ASSIGNMENT:
Go to the line in the entries below that holds "(psi : R -> 'I_N" and repeat exactly from there through the line that holds "(forall t, 0 < t", inclusive.
......
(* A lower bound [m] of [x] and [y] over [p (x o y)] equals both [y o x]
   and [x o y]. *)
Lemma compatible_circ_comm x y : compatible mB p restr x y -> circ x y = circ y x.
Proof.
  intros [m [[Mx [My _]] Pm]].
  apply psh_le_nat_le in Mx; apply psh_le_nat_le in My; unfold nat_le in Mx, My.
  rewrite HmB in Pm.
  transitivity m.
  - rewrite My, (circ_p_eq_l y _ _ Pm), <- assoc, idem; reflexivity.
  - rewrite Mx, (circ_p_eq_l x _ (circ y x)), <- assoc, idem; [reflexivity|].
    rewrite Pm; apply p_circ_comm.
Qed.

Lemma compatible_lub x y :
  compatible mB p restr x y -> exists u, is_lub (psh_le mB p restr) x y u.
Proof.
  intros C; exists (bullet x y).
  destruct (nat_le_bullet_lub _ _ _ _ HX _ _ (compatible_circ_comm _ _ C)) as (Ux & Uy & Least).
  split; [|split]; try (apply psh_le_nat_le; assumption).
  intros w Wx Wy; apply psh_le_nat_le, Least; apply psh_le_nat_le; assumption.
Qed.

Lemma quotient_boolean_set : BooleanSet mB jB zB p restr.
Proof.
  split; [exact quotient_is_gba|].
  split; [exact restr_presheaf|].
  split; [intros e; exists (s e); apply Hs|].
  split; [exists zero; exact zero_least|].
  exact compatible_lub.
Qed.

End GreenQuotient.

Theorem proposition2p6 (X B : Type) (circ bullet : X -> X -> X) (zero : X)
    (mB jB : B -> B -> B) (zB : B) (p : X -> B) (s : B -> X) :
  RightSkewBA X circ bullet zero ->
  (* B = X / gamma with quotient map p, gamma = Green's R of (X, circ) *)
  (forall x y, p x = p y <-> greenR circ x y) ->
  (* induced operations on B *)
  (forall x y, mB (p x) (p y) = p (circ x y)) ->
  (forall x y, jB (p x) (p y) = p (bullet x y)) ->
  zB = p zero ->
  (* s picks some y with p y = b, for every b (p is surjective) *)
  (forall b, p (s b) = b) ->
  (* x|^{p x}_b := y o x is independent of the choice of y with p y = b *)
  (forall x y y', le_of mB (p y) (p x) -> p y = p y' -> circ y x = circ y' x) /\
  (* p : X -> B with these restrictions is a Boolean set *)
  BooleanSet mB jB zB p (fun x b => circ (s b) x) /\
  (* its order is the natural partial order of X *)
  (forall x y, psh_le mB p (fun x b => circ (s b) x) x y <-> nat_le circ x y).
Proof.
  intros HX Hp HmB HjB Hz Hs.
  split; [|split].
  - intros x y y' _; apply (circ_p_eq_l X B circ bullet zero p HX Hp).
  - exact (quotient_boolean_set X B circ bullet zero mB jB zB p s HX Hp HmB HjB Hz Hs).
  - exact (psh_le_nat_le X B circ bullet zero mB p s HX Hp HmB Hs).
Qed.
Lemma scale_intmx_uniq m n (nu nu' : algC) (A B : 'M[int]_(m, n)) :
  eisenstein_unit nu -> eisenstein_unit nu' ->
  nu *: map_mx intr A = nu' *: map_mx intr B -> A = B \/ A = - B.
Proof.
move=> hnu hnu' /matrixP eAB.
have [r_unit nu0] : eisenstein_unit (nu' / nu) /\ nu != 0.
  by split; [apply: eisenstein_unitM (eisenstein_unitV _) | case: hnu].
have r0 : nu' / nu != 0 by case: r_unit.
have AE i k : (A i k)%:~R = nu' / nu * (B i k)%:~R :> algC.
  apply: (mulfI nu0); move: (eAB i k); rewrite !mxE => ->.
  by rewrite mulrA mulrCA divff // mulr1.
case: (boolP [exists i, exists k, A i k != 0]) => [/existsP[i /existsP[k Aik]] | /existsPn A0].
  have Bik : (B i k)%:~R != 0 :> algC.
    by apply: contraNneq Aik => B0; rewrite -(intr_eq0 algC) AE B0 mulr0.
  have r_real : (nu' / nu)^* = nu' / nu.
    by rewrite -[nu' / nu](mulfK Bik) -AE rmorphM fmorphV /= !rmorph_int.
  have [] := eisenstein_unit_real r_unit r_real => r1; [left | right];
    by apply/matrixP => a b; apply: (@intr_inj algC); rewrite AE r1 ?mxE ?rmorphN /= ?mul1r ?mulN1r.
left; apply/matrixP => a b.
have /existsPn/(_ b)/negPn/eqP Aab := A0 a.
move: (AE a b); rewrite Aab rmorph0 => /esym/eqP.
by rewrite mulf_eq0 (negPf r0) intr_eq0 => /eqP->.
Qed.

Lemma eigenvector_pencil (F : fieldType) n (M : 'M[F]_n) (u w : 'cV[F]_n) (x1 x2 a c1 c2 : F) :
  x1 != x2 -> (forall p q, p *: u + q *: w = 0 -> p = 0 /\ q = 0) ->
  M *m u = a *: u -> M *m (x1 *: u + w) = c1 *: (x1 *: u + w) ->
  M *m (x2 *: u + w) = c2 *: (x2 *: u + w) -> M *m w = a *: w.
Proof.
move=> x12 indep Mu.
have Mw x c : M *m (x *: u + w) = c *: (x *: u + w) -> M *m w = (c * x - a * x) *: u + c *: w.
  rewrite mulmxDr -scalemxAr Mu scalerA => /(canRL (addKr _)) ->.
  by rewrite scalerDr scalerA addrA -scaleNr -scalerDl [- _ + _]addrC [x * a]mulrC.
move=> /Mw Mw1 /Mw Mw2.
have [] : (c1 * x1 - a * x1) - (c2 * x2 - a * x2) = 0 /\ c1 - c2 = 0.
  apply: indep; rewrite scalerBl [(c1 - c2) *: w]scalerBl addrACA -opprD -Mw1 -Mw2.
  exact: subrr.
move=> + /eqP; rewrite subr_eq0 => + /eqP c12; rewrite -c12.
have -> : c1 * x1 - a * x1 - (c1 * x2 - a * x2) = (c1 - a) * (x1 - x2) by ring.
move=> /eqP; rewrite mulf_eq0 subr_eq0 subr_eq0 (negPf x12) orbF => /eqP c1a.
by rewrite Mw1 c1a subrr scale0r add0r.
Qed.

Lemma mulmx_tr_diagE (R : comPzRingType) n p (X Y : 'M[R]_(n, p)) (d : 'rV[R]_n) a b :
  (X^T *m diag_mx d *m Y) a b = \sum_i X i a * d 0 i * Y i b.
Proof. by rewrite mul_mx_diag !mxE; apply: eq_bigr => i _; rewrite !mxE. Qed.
......
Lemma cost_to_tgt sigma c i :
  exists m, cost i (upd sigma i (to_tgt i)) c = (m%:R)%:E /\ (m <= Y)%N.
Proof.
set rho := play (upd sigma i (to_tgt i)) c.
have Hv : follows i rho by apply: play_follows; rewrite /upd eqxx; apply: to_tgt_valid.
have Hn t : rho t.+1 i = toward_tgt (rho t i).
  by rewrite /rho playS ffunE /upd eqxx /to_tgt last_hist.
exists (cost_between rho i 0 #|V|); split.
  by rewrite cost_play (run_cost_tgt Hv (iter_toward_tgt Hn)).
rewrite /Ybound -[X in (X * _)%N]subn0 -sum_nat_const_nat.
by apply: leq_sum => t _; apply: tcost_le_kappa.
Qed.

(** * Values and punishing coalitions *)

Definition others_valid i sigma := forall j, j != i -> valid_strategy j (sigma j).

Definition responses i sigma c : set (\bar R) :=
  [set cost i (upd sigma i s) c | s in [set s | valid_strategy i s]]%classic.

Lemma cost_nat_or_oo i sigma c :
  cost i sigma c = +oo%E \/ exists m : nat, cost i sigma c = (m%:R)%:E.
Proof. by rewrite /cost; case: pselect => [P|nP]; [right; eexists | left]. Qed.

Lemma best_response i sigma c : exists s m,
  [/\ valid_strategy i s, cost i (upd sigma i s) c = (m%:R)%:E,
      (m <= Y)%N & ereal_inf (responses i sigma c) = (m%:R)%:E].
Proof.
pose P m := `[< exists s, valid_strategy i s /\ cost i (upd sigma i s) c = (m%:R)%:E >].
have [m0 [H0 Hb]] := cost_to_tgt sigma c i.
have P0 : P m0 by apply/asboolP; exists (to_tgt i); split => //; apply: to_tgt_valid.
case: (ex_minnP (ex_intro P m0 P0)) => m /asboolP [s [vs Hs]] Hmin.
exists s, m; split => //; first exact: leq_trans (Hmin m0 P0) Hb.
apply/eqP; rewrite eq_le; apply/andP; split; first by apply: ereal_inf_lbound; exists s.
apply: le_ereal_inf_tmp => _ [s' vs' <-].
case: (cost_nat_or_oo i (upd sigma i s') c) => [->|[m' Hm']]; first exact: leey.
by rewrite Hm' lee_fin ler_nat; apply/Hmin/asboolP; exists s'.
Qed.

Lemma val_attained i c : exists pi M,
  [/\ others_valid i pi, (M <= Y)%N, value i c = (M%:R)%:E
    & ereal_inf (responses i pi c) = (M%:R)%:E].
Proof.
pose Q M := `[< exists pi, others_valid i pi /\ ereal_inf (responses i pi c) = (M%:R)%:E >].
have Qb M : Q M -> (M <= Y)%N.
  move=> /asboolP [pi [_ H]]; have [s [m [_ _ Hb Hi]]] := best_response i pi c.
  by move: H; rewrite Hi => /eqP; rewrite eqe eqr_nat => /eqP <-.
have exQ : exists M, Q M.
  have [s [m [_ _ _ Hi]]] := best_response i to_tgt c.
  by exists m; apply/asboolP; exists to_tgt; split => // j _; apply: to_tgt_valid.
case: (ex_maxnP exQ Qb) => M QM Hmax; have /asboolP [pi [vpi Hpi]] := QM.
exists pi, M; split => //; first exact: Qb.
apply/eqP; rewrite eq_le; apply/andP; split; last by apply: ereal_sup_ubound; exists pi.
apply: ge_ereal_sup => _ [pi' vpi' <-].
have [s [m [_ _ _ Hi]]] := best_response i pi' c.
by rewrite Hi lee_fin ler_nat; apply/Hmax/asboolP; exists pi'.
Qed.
......
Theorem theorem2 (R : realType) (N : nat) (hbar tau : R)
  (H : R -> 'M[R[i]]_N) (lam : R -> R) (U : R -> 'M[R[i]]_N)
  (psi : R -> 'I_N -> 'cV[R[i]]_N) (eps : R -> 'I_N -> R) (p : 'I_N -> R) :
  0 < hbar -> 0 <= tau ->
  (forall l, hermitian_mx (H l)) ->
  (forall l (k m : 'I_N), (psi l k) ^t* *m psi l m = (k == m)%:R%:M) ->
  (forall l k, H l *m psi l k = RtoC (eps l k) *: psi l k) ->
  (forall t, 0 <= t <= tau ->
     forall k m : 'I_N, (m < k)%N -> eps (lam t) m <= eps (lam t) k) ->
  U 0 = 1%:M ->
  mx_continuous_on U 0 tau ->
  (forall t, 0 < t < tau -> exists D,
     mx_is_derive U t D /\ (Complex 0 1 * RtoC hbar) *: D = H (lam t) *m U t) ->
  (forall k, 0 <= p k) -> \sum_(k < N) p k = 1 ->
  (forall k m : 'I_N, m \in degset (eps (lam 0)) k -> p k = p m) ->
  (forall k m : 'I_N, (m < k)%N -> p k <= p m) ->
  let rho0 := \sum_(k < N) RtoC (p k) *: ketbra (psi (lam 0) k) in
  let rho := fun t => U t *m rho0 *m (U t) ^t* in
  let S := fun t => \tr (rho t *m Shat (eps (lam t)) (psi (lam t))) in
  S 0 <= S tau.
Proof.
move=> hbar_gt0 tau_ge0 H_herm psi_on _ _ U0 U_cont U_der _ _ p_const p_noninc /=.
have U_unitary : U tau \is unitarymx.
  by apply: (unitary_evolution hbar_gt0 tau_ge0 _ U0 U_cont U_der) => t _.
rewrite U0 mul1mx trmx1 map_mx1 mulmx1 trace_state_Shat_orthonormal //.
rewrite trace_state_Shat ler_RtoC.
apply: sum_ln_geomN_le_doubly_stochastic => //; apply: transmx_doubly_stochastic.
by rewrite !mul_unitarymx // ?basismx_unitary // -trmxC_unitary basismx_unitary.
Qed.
......
RESPONSE TO THIS EXERCISE:
  (psi : R -> 'I_N -> 'cV[R[i]]_N) (eps : R -> 'I_N -> R) (p : 'I_N -> R) :
  0 < hbar -> 0 <= tau ->
  (forall l, hermitian_mx (H l)) ->
  (forall l (k m : 'I_N), (psi l k) ^t* *m psi l m = (k == m)%:R%:M) ->
  (forall l k, H l *m psi l k = RtoC (eps l k) *: psi l k) ->
  (forall t, 0 <= t <= tau ->
     forall k m : 'I_N, (m < k)%N -> eps (lam t) m <= eps (lam t) k) ->
  U 0 = 1%:M ->
  mx_continuous_on U 0 tau ->
  (forall t, 0 < t < tau -> exists D,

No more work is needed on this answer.